Ashby's career was woefully short, abbreviated by his demons and death in 1988. Still, he left a legacy of important, interesting and entertaining movies. Here are five of his finest:

HAROLD AND MAUDE (1971): A beautiful black comedy built around a May-December romance, Harold and Maude has become required viewing for generations of sensitive young film fans. It's a powerful, poignant and uplifting story that touches on mortality, morbidity and living life without becoming too maudlin.
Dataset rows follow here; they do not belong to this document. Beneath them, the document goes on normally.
Lemma is_lim_seq_contraction (x d : nat -> R) (l c : R) (N : nat) :
  0 <= c < 1 ->
  (forall n, (N <= n)%nat -> Rabs (x (S n) - l) <= c * Rabs (x n - l) + d n) ->
  is_lim_seq d 0 -> is_lim_seq x l.
Proof.
  intros Hc Hrec Hd. apply is_lim_seq_Reals. apply is_lim_seq_Reals in Hd.
  intros eps Heps.
  assert (Hdelta : 0 < eps * (1 - c) / 2) by (apply Rdiv_lt_0_compat; nra).
  destruct (Hd _ Hdelta) as [M0 HM0].
  set (M := max N M0). set (E := Rabs (x M - l)).
  assert (Hiter := contraction_iter (fun n => Rabs (x n - l)) c _ M Hc (Rlt_le _ _ Hdelta)).
  simpl in Hiter. fold E in Hiter.
  replace (eps * (1 - c) / 2 / (1 - c)) with (eps / 2) in Hiter by (field; lra).
  assert (HE : 0 <= E) by apply Rabs_pos.
  destruct (pow_lt_1_zero c ltac:(rewrite Rabs_pos_eq; lra) (eps / (2 * (E + 1))))
    as [J HJ]; [apply Rdiv_lt_0_compat; lra|].
  exists (M + J)%nat. intros n Hn. unfold R_dist.
  replace n with (M + (n - M))%nat by lia.
  eapply Rle_lt_trans.
  - apply Hiter. intros m Hm. eapply Rle_trans; [apply Hrec; lia|].
    apply Rplus_le_compat_l. eapply Rle_trans; [apply Rle_abs|].
    specialize (HM0 m ltac:(lia)). unfold R_dist in HM0. rewrite Rminus_0_r in HM0. lra.
  - specialize (HJ (n - M)%nat ltac:(lia)). rewrite Rabs_pos_eq in HJ by (apply pow_le; lra).
    assert (c ^ (n - M) * E <= eps / (2 * (E + 1)) * E) by (apply Rmult_le_compat_r; lra).
    assert (eps / (2 * (E + 1)) * E < eps / 2).
    { apply Rmult_lt_reg_r with (2 * (E + 1)); [lra|]. field_simplify; nra. }
    lra.
Qed.

Lemma is_lim_seq_affine_rec (x a b : nat -> R) (la lb l c : R) (N : nat) :
  0 <= c < 1 -> (forall n, (N <= n)%nat -> Rabs (a n) <= c) ->
  (forall n, x (S n) = a n * x n + b n) ->
  is_lim_seq a la -> is_lim_seq b lb -> la * l + lb = l ->
  is_lim_seq x l.
Proof.
  intros Hc Ha Hrec Hla Hlb Hfix.
  apply (is_lim_seq_contraction x (fun n => Rabs (a n * l + b n - l)) l c N Hc).
  - intros n Hn. rewrite Hrec.
    replace (a n * x n + b n - l) with (a n * (x n - l) + (a n * l + b n - l)) by ring.
    eapply Rle_trans; [apply Rabs_triang|]. apply Rplus_le_compat_r.
    rewrite Rabs_mult. apply Rmult_le_compat_r; [apply Rabs_pos|auto].
  - replace 0 with (Rabs (la * l + lb - l)) by (rewrite Hfix, Rminus_diag; apply Rabs_R0).
    apply (is_lim_seq_abs _ (la * l + lb - l)).
    apply is_lim_seq_minus'; [|apply is_lim_seq_const].
    apply is_lim_seq_plus'; [|exact Hlb].
    apply is_lim_seq_mult'; [exact Hla|apply is_lim_seq_const].
Qed.

Lemma is_lim_seq_div_INR_plus (a c : R) : 0 < a -> is_lim_seq (fun n => c / (INR n + a)) 0.
Proof.
  intro Ha.
  assert (Hinf : is_lim_seq (fun n => INR n + a) p_infty).
  { eapply is_lim_seq_plus; [apply is_lim_seq_INR|apply is_lim_seq_const|constructor]. }
  apply is_lim_seq_inv in Hinf; [|discriminate].
  apply (is_lim_seq_scal_l _ c) in Hinf. simpl in Hinf. rewrite Rmult_0_r in Hinf.
  exact Hinf.
Qed.

Lemma delannoy_pos_triple_le n : 0 < delannoy n /\ 3 * delannoy n <= delannoy (S n).
Proof.
  induction n as [|n [Hpos Hge]].
  - assert (H0 : delannoy 0 = 1) by apply delannoy_term_0.
    assert (H1 : delannoy 1 = 3).
    { unfold delannoy. simpl. rewrite delannoy_term_0, delannoy_term_le by lia.
      simpl. field. }
    lra.
  - split; [lra|].
    pose proof (delannoy_rec n). pose proof (pos_INR n).
    assert (Hstep : (INR n + 2) * (delannoy (S (S n)) - 3 * delannoy (S n))
                    = (INR n + 1) * (3 * delannoy (S n) - delannoy n)) by lra.
    assert (0 <= (INR n + 1) * (3 * delannoy (S n) - delannoy n))
      by (apply Rmult_le_pos; lra).
    nra.
Qed.

Definition delannoy_ratio (n : nat) : R := delannoy (S n) / delannoy n.

Definition silver_sq : R := 3 + 2 * sqrt 2.

Lemma silver_sq_fixpoint : silver_sq * silver_sq = 6 * silver_sq - 1 /\ 5 < silver_sq.
Proof.
  pose proof (sqrt_sqrt 2 ltac:(lra)). pose proof (sqrt_pos 2).
  unfold silver_sq. split; nra.
Qed.

Lemma delannoy_ratio_ge_3 n : 3 <= delannoy_ratio n.
Proof.
  destruct (delannoy_pos_triple_le n). unfold delannoy_ratio.
  apply Rmult_le_reg_r with (delannoy n); [assumption|]. field_simplify; lra.
Qed.

Lemma delannoy_ratio_rec n :
  delannoy_ratio (S n)
  = 6 - / delannoy_ratio n + (/ delannoy_ratio n - 3) / (INR n + 2).
Proof.
  unfold delannoy_ratio. destruct (delannoy_pos_triple_le n) as [Hn _].
  destruct (delannoy_pos_triple_le (S n)) as [HSn _].
  pose proof (delannoy_rec n). pose proof (pos_INR n).
  apply Rmult_eq_reg_r with (delannoy (S n) * (INR n + 2)); [|nra].
  field_simplify; lra.
Qed.

Lemma delannoy_ratio_lim : is_lim_seq delannoy_ratio silver_sq.
Proof.
  destruct silver_sq_fixpoint as [Hfix Hgt].
  apply (is_lim_seq_contraction _ (fun n => 3 / (INR n + 2)) silver_sq (1/15) 0).
  - lra.
  - intros n _. rewrite delannoy_ratio_rec.
    pose proof (delannoy_ratio_ge_3 n). pose proof (pos_INR n).
    set (r := delannoy_ratio n) in *.
    assert (Hinv : 6 - silver_sq = / silver_sq)
      by (apply Rmult_eq_reg_r with silver_sq; [field_simplify|]; lra).
    replace (6 - / r + (/ r - 3) / (INR n + 2) - silver_sq)
      with ((6 - silver_sq) - / r + (/ r - 3) / (INR n + 2)) by ring.
    rewrite Hinv.
    replace (/ silver_sq - / r) with ((r - silver_sq) / (r * silver_sq)) by (field; lra).
    eapply Rle_trans; [apply Rabs_triang|]. apply Rplus_le_compat.
    + unfold Rdiv. rewrite Rabs_mult, Rabs_inv, (Rabs_pos_eq (r * silver_sq)) by nra.
      rewrite Rmult_comm. apply Rmult_le_compat_r; [apply Rabs_pos|].
      rewrite Rmult_1_l. apply Rinv_le_contravar; nra.
    + assert (Hpos : 0 < / (INR n + 2)) by (apply Rinv_0_lt_compat; lra).
      unfold Rdiv. rewrite Rabs_mult, (Rabs_pos_eq (/ (INR n + 2))) by lra.
      apply Rmult_le_compat_r; [lra|].
      assert (0 < / r <= / 3)
        by (split; [apply Rinv_0_lt_compat|apply Rinv_le_contravar]; lra).
      apply Rabs_le. lra.
  - apply is_lim_seq_div_INR_plus. lra.
Qed.

Definition scaled_Rseq (n : nat) : R := (2 * INR n + 1) * Rseq n / delannoy n.

Definition odd_ratio (n : nat) : R := (2 * INR n + 3) / (2 * INR n + 1).

Lemma scaled_Rseq_rec n :
  scaled_Rseq (S n)
  = odd_ratio n * odd_ratio n / delannoy_ratio n * scaled_Rseq n
    + odd_ratio n * (1 + / delannoy_ratio n).
Proof.
  unfold scaled_Rseq, odd_ratio, delannoy_ratio.
  destruct (delannoy_pos_triple_le n) as [Hn _]. destruct (delannoy_pos_triple_le (S n)) as [HSn _].
  pose proof (Rseq_rec n) as Hrec. pose proof (pos_INR n).
  rewrite S_INR. replace (2 * (INR n + 1) + 1) with (2 * INR n + 3) by ring.
  apply Rmult_eq_reg_r with ((2 * INR n + 1) * delannoy (S n)); [|nra].
  field_simplify; [|lra..]. nra.
Qed.

Lemma odd_ratio_lim : is_lim_seq odd_ratio 1.
Proof.
  pose proof (is_lim_seq_div_INR_plus (1 / 2) 1 ltac:(lra)) as H.
  apply (is_lim_seq_plus' (fun _ => 1) _ 1) in H; [|apply is_lim_seq_const].
  rewrite Rplus_0_r in H. revert H. apply is_lim_seq_ext.
  intro n. unfold odd_ratio. pose proof (pos_INR n). field. lra.
Qed.

Lemma odd_ratio_le n : (1 <= n)%nat -> 0 <= odd_ratio n <= 5 / 3.
Proof.
  intro Hn. apply le_INR in Hn. simpl in Hn. unfold odd_ratio. split.
  - apply Rdiv_le_0_compat; lra.
  - apply Rmult_le_reg_r with (2 * INR n + 1); [lra|]. field_simplify; lra.
Qed.

Lemma scaled_Rseq_lim : is_lim_seq scaled_Rseq (sqrt 2).
Proof.
  destruct silver_sq_fixpoint as [_ Hgt].
  pose proof (sqrt_sqrt 2 ltac:(lra)). pose proof (sqrt_pos 2).
  assert (Hinv := is_lim_seq_inv _ _ delannoy_ratio_lim
                    ltac:(intro E; injection E; lra)).
  simpl in Hinv.
  apply (is_lim_seq_affine_rec scaled_Rseq
           (fun n => odd_ratio n * odd_ratio n / delannoy_ratio n)
           (fun n => odd_ratio n * (1 + / delannoy_ratio n))
           (1 * 1 * / silver_sq) (1 * (1 + / silver_sq)) (sqrt 2) (25 / 27) 1).
  - lra.
  - intros n Hn. pose proof (odd_ratio_le n Hn). pose proof (delannoy_ratio_ge_3 n).
    assert (0 < / delannoy_ratio n <= / 3)
      by (split; [apply Rinv_0_lt_compat|apply Rinv_le_contravar]; lra).
    unfold Rdiv. rewrite Rabs_pos_eq by (apply Rmult_le_pos; nra).
    assert (odd_ratio n * odd_ratio n <= 25 / 9) by nra. nra.
  - apply scaled_Rseq_rec.
  - apply is_lim_seq_mult'; [apply is_lim_seq_mult'; apply odd_ratio_lim|exact Hinv].
  - apply is_lim_seq_mult'; [apply odd_ratio_lim|].
    apply is_lim_seq_plus'; [apply is_lim_seq_const|exact Hinv].
  - apply Rmult_eq_reg_r with silver_sq; [|lra].
    field_simplify; [|lra]. unfold silver_sq. nra.
Qed.

Lemma Rseq_ratio_eq n :
  Rseq (S n) / Rseq n
  = scaled_Rseq (S n) / scaled_Rseq n * delannoy_ratio n / odd_ratio n.
Proof.
  unfold scaled_Rseq, delannoy_ratio, odd_ratio.
  destruct (delannoy_pos_triple_le n) as [Hn _]. destruct (delannoy_pos_triple_le (S n)) as [HSn _].
  pose proof (pos_INR n). rewrite S_INR.
  destruct (Req_dec (Rseq n) 0) as [Hz | Hz].
  (* Division by 0 is 0 in [R], so both sides vanish. *)
  - rewrite Hz. unfold Rdiv. rewrite !Rmult_0_r, Rmult_0_l, Rinv_0, !Rmult_0_r, !Rmult_0_l.
    reflexivity.
  - field. repeat split; lra.
Qed.

Theorem theorem4p2 :
  is_lim_seq (fun n : nat => Rseq (S n) / Rseq n) (3 + 2 * sqrt 2).
Proof.
  pose proof (sqrt_lt_R0 2 ltac:(lra)).
  apply (is_lim_seq_ext _ _ _ (fun n => eq_sym (Rseq_ratio_eq n))).
  replace (3 + 2 * sqrt 2) with (sqrt 2 / sqrt 2 * silver_sq / 1)
    by (unfold silver_sq; field; lra).
  apply is_lim_seq_div'; [|apply odd_ratio_lim|lra].
  apply is_lim_seq_mult'; [|apply delannoy_ratio_lim].
  apply is_lim_seq_div'; [apply (is_lim_seq_incr_1 scaled_Rseq)|..];
    [apply scaled_Rseq_lim..|lra].
Qed.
THE LAST DETAIL (1973): A magnificently profane meditation on military justice and the frustrations of enlisted men caught in what they see as an unfair system. Jack Nicholson stars as a foul-mouthed member of the Navy shore patrol charged with bringing an unjustly sentenced seaman (Randy Quaid) to prison. A bright and beautifully honest film about frustrated men lashing out against the military system.

BEING THERE (1979): This nearly perfect film stars the late, great Peter Sellers as an emotionally and intellectually stunted gardener who becomes an inadvertent media darling when he stumbles into the world of national politics. Jack Warden, Shirley MacLaine and Melvyn Douglas also give career-defining performances.

COMING HOME (1978): One of the first films to address Vietnam, Coming Home is remarkable in that it avoids the easy politics of the conflict, instead opting to focus on the human toll of war. Jon Voight stars as a paralyzed vet who enters into a relationship with the wife (Jane Fonda) of a serviceman still overseas.

SHAMPOO (1975): A bright, light and still searing indictment of the sexual revolution, Shampoo stars Warren Beatty as a superstar hairdresser whose uncontrolled libido eventually brings him down. The film also stars Goldie Hawn, Carrie Fisher, Lee Grant and Julie Christie as the women with whom he has the occasional dalliance.